**Problem statement:**
Search the listing below for the string "Require" and show each line that contains it.

Exercise data Start Marker

(* For every pair of positive integers $g,k$, every graph $G_{g,k}$ obtained by the construction described in the context has a proper edge-colouring in which each cycle contains no colour exactly once.
   Context: Hypergraph notions. A closed walk of length $\ell$ in a hypergraph $H$ is a sequence $v_0F_0v_1F_1\ldots F_{\ell-1}v_0$ with $v_i,v_{i+1}\in F_i$ for all $0\le i<\ell$ (indices mod $\ell$), $F_i\ne F_{i+1}$ for all $i$ (indices mod $\ell$), and $v_1,\ldots,v_{\ell-1}$ pairwise distinct. An $r$-uniform hypergraph $H$ is tranquil, witnessed by labellings $\lambda=\{\lambda_F\}_{F\in E(H)}$ with $\lambda_F:F\to\{1,\dots,r\}$, if for every closed walk $W=v_0F_0\ldots F_{\ell-1}v_0$ the multigraph on $\{1,\dots,r\}$ with edge multiset $\{\lambda_{F_i}(v_i)\lambda_{F_i}(v_{i+1}):0\le i<\ell\}$ is bridgeless. The chromatic number of a hypergraph is the least number of colours in a vertex colouring with no monochromatic hyperedge; its girth is the length of a shortest Berge cycle (distinct hyperedges $F_1,\dots,F_\ell$ and distinct vertices $x_1,\dots,x_\ell$ with $x_i\in F_i\cap F_{i+1}$, indices mod $\ell$). Construction. Fix a positive integer $g$. $G_{g,1}$ is a single vertex. For $k\ge 2$, given a graph $G_{g,k-1}$ obtained by the construction, with vertex set identified with $\{1,\dots,r\}$, take a finite tranquil $r$-uniform hypergraph $H$ with chromatic number at least $k$ and girth at least $\lceil g/3\rceil$, together with tranquility-witnessing labellings $\lambda_F$, each $\lambda_F:F\to\{1,\dots,r\}$ a bijection. The graph $G_{g,k}$ consists of an independent set $T$ with a bijection $\nu:T\to V(H)$, together with, for each hyperedge $F\in E(H)$, a disjoint copy $G_F$ of $G_{g,k-1}$; for each $F\in E(H)$ one adds the perfect matching between $G_F$ and $\nu^{-1}(F)$ joining the vertex of $G_F$ corresponding to $i\in\{1,\dots,r\}$ to the vertex $t\in\nu^{-1}(F)$ with $\lambda_F(\nu(t))=i$. No other edges are present. A proper edge-colouring gives adjacent edges distinct colours; ''each cycle contains no colour exactly once'' means that for every cycle $C$ and every colour $c$, the number of edges of $C$ coloured $c$ is not $1$. *)

From HB Require Import structures.
From mathcomp Require Export all_boot.
Set Implicit Arguments. Unset Strict Implicit. Unset Printing Implicit Defensive.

Exercise data End Marker

**Exercise answer:**
From HB Require Import structures.
From mathcomp Require Export all_boot.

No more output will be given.